Class DiskHealthCheckService

  • All Implemented Interfaces:
    java.io.Closeable, java.lang.AutoCloseable

    public class DiskHealthCheckService
    extends AbstractVeniceService
    DiskHealthCheckService will wake up every 10 seconds by default and run a health check in the disk by writing 64KB random data, read them back and verify the content; if there is any error within the process, an in-memory state variable "diskHealthy" will be updated to false; otherwise, "diskHealthy" will be kept as true.

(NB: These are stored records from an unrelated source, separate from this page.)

(* Summed over [r], this identity is the expansion: the Laurent part of [bern_gen] at [x_r]
   reproduces the polylogarithm terms. *)
Lemma chi_term_decomp k rho a z N L i : (1 <= k)%nat -> (1 <= N)%nat -> z <> RtoC 0 ->
  chi_term k rho a (Copp z) N i =
  Cminus (chi_error_term k N L a rho z i)
         (sum_n (fun l => Cmult (expansion_coef k a z N l)
                                (polylog_term l (Cmult (Cpow (Cinv rho) a) (Cexp z)) i)) L).
Proof.
  intros Hk HN Hz. rewrite chi_term_eq by auto.
  set (U := Cpow (Cmult (Cpow (Cinv rho) a) (Cexp z)) (S i)).
  rewrite (sum_n_ext _ (fun l => Copp (Cmult (Cmult U (RtoC (/ INR (S i))))
     (Cmult (bern_coef (INR a / INR k) l)
            (Cpowz (sample_point k N z (INR (S i))) (Z.of_nat l - 1)))))).
  2:{ intros l. apply expansion_term_eq; auto. apply not_0_INR; lia. }
  rewrite (sum_n_ext _ (fun l => Cmult (RtoC (-1)) (Cmult (Cmult U (RtoC (/ INR (S i))))
     (Cmult (bern_coef (INR a / INR k) l)
            (Cpowz (sample_point k N z (INR (S i))) (Z.of_nat l - 1))))))
    by (intros; toC; ring).
  rewrite <- sum_n_C_mult_l, <- sum_n_C_mult_l.
  unfold chi_error_term, bern_laurent. fold U. toC; ring.
Qed.

Lemma is_series_geom_dominated (f : nat -> C) c q : 0 <= c -> 0 <= q < 1 ->
  (forall n, Cmod (f n) <= c * q ^ S n) ->
  is_series f (Csum f) /\ Cmod (Csum f) <= c / (1 - q).
Proof.
  intros Hc Hq Hf.
  assert (Hs : is_series f (Csum f)).
  { apply ex_series_Csum, (@ex_series_le C_AbsRing C_CompleteNormedModule f (fun n => c * q ^ S n));
      [exact Hf | now apply ex_series_geom_S]. }
  split; [exact Hs|]. apply (Cmod_series_le f); [exact Hs|]. intros n.
  eapply Rle_trans; [apply Cmod_sum_n_le|].
  eapply Rle_trans; [apply sum_n_m_le; exact Hf | now apply sum_n_geom_S_le].
Qed.

Lemma Rabs_powerRZ_polylog_le r l L : 1 <= r -> (l <= L)%nat ->
  Rabs (powerRZ r (- (2 - Z.of_nat l))) <= r ^ L.
Proof.
  intros Hr Hl. rewrite Rabs_pos_eq by (apply powerRZ_le; lra).
  assert (HrL : 1 <= r ^ L) by now apply pow_R1_Rle.
  destruct l as [|[|m]].
  - simpl. apply Rle_trans with 1; [|lra]. rewrite <- Rinv_1. apply Rinv_le_contravar; nra.
  - simpl. apply Rle_trans with 1; [|lra]. rewrite <- Rinv_1. apply Rinv_le_contravar; lra.
  - replace (- (2 - Z.of_nat (S (S m))))%Z with (Z.of_nat m) by lia.
    rewrite <- pow_powerRZ. apply Rle_pow; auto. lia.
Qed.

Lemma Cmod_polylog_term_le l L u d i : (l <= L)%nat -> Cmod u <= exp (- d) ->
  Cmod (polylog_term l u i) <= INR (S i) ^ L * exp (- d) ^ S i.
Proof.
  intros Hl Hu. unfold polylog_term. rewrite Cmod_mult, Cmod_pow, Cmod_R, Rmult_comm.
  assert (Hr : 1 <= INR (S i)) by (rewrite S_INR; pose proof (pos_INR i); lra).
  apply Rmult_le_compat; auto using Rabs_pos, pow_le, Cmod_ge_0, Rabs_powerRZ_polylog_le.
  apply pow_incr. auto using Cmod_ge_0.
Qed.

Section SamplePoint.

Variables (k N : nat) (delta Cb : R) (z : C).
Hypotheses (Hk : (1 <= k)%nat) (HN : (1 <= N)%nat) (Hdelta : 0 < delta) (HCb : 0 < Cb)
  (Hz : fst z <= - delta) (HzCb : Cmod z <= Cb).

Lemma Cmod_sample_point r : 0 <= r -> Cmod (sample_point k N z r) = INR k * r / INR N * Cmod z.
Proof.
  intros Hr. unfold sample_point. rewrite Cmod_mult, Cmod_R, Cmod_opp, Rabs_pos_eq; [reflexivity|].
  apply Rdiv_le_0_compat; [apply Rmult_le_pos; auto using pos_INR | apply lt_0_INR; lia].
Qed.

Lemma sample_point_in_sector r : 0 < r ->
  0 < fst (sample_point k N z r) /\
  delta / Cb * Cmod (sample_point k N z r) <= fst (sample_point k N z r).
Proof.
  intros Hr.
  assert (Hs : 0 < INR k * r / INR N)
    by (apply Rdiv_lt_0_compat; [apply Rmult_lt_0_compat; auto; apply lt_0_INR |
                                 apply lt_0_INR]; lia).
  assert (Hre : fst (sample_point k N z r) = INR k * r / INR N * (- fst z)) by (simpl; ring).
  rewrite Cmod_sample_point, Hre by lra. split; [nra|].
  assert (Cmod z / Cb <= 1)
    by (apply (Rmult_le_reg_r Cb); auto; unfold Rdiv; rewrite Rmult_assoc, Rinv_l; lra).
  assert (0 <= Cmod z / Cb) by (apply Rdiv_le_0_compat; auto using Cmod_ge_0).
  replace (delta / Cb * (INR k * r / INR N * Cmod z))
    with (INR k * r / INR N * (delta * (Cmod z / Cb)))
    by (field; split; [apply not_0_INR; lia | lra]).
  apply Rmult_le_compat_l; nra.
Qed.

If there is a SSD failure, the disk operation could hang forever; in order to report such kind of disk failure, there is a timeout mechanism inside the health status polling API; a total timeout will be decided at the beginning: totalTimeout = Math.max(30 seconds, health check interval + disk operation timeout) we will keep track of the last update time for the in-memory health status variable, if the in-memory status haven't been updated for more than the totalTimeout, we believe the disk operation hang due to disk failure and start reporting unhealthy for this server.
    • Constructor Detail

      • DiskHealthCheckService

        public DiskHealthCheckService​(boolean serviceEnabled,
                                      long healthCheckIntervalMs,
                                      long diskOperationTimeout,
                                      java.lang.String databasePath,
                                      long diskFailServerShutdownTimeMs)